Quiet ruptures

Caterina Mastroianni

quiet sounds that never tire
being re-written, re-felt, re-heard
birds, rivers, cicadas, purrs, bush

how to cherish vitality
how to keep life away
from eating and excreting death

tranquillity is a sound that echoes
music, poesia, soft maker voices
bubbling bursts of creative quietude

how to be an escapee
of extroversion, living
within the boundaries of self

dadirri, sounds I don’t own
call me to stop and learn
how to listen, how to wait

no more small talk, big talk
no more self- imprinting
of our human exclusivity 

take this beginning, a rare rupturing
a salty stillness, a swishing littoral plea
hold this time of introversion close

Note: ‘Dadirri’ is an Aboriginal word meaning ‘inner deep listening and quiet still awareness and waiting’.http://www.dadirri.org.au/dadirri-meaning/


Caterina Mastroianni is an Italian-born Australian poet and educator who grew up in Port Kembla and Wollongong, on the land of the Wadi Wadi people of the Dharawal nation.

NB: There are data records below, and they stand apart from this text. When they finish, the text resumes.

Definition fdr_terms : seq (R * (Omega -> Prop)) :=
  flatten [seq [seq (INR v / INR r, fun w => num_R n c (fun i => PV i w) = r /\
                                             num_V n I c (fun i => PV i w) = v)
               | v <- iota 0 n.+1] | r <- iota 1 n].

Definition level_terms : seq (R * (Omega -> Prop)) :=
  flatten [seq [seq (/ INR r, fun w => PV j w <= c r /\ ~ PV j w <= c r.-1) | j <- nulls]
          | r <- iota 1 n]
  ++ [seq (1, fun w => PV j w <= 0) | j <- nulls].

Lemma FDR_expect_on : FDR P n I c PV = expect_on P (fun _ => True) fdr_terms.
Proof.
rewrite /FDR /expect_on sumR_flatten sumR_map Rsum_seqE; apply: eq_sumR => r.
rewrite sumR_map Rsum_seqE; apply: eq_sumR => v /=.
by congr (_ * _); apply: prob_ext => w; split => [|[]].
Qed.

Lemma measurable_fdr_terms : measurable_terms P fdr_terms.
Proof.
apply: measurable_terms_flatten => r _; apply: measurable_terms_map => v _ /=.
exact: (@measurable_stepup_rejected _ P n c PV
  (fun i w i_range => proj1 (PV_range w i_range)) PV_measurable
  (fun rej => size rej = r /\ count I rej = v)).
Qed.

Lemma simple_val_fdr_terms w :
  simple_val fdr_terms w = fdp I (stepup_rejected n c (fun i => PV i w)).
Proof.
set rej := stepup_rejected n c _.
have size_le : (size rej <= n)%N by rewrite size_stepup_rejected stepup_k_leq.
rewrite /simple_val sumR_flatten sumR_map.
under eq_sumR => r.
  rewrite sumR_map (eq_sumR (g := fun v =>
    if v == count I rej then if r == size rej then INR v / INR r else 0 else 0)).
    rewrite sumR_delta ?iota_uniq // mem_iota add0n ltnS (leq_trans (count_size _ _) size_le).
    over.
  move=> v /=; rewrite (indicE (b := (r == size rej) && (v == count I rej))).
    by case: (r == size rej); case: (v == count I rej) => /=; ring.
  by rewrite /num_R /num_V -/rej; split => [[-> ->]|/andP [/eqP -> /eqP ->]]; rewrite ?eqxx.
rewrite sumR_delta ?iota_uniq // mem_iota.
have [/size0nil ->|size_gt0] := posnP (size rej); first by rewrite fdp_nil.
by rewrite add1n ltnS size_le /fdp (maxn_idPl size_gt0).
Qed.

She has published poetry in various literary magazines and four Australian anthologies, most recently in Honeyguide (June 2022), in The Ekphrastic Review (June 2022), in Live Encounters Poetry and Writing Journal (January 2022), in Poetry for the Planet: An Anthology of Imagined Futures (Litoria Press, 2021) and at Medium. She lives in Sydney on the land of the Cadigal and Wangal people of the Eora nation.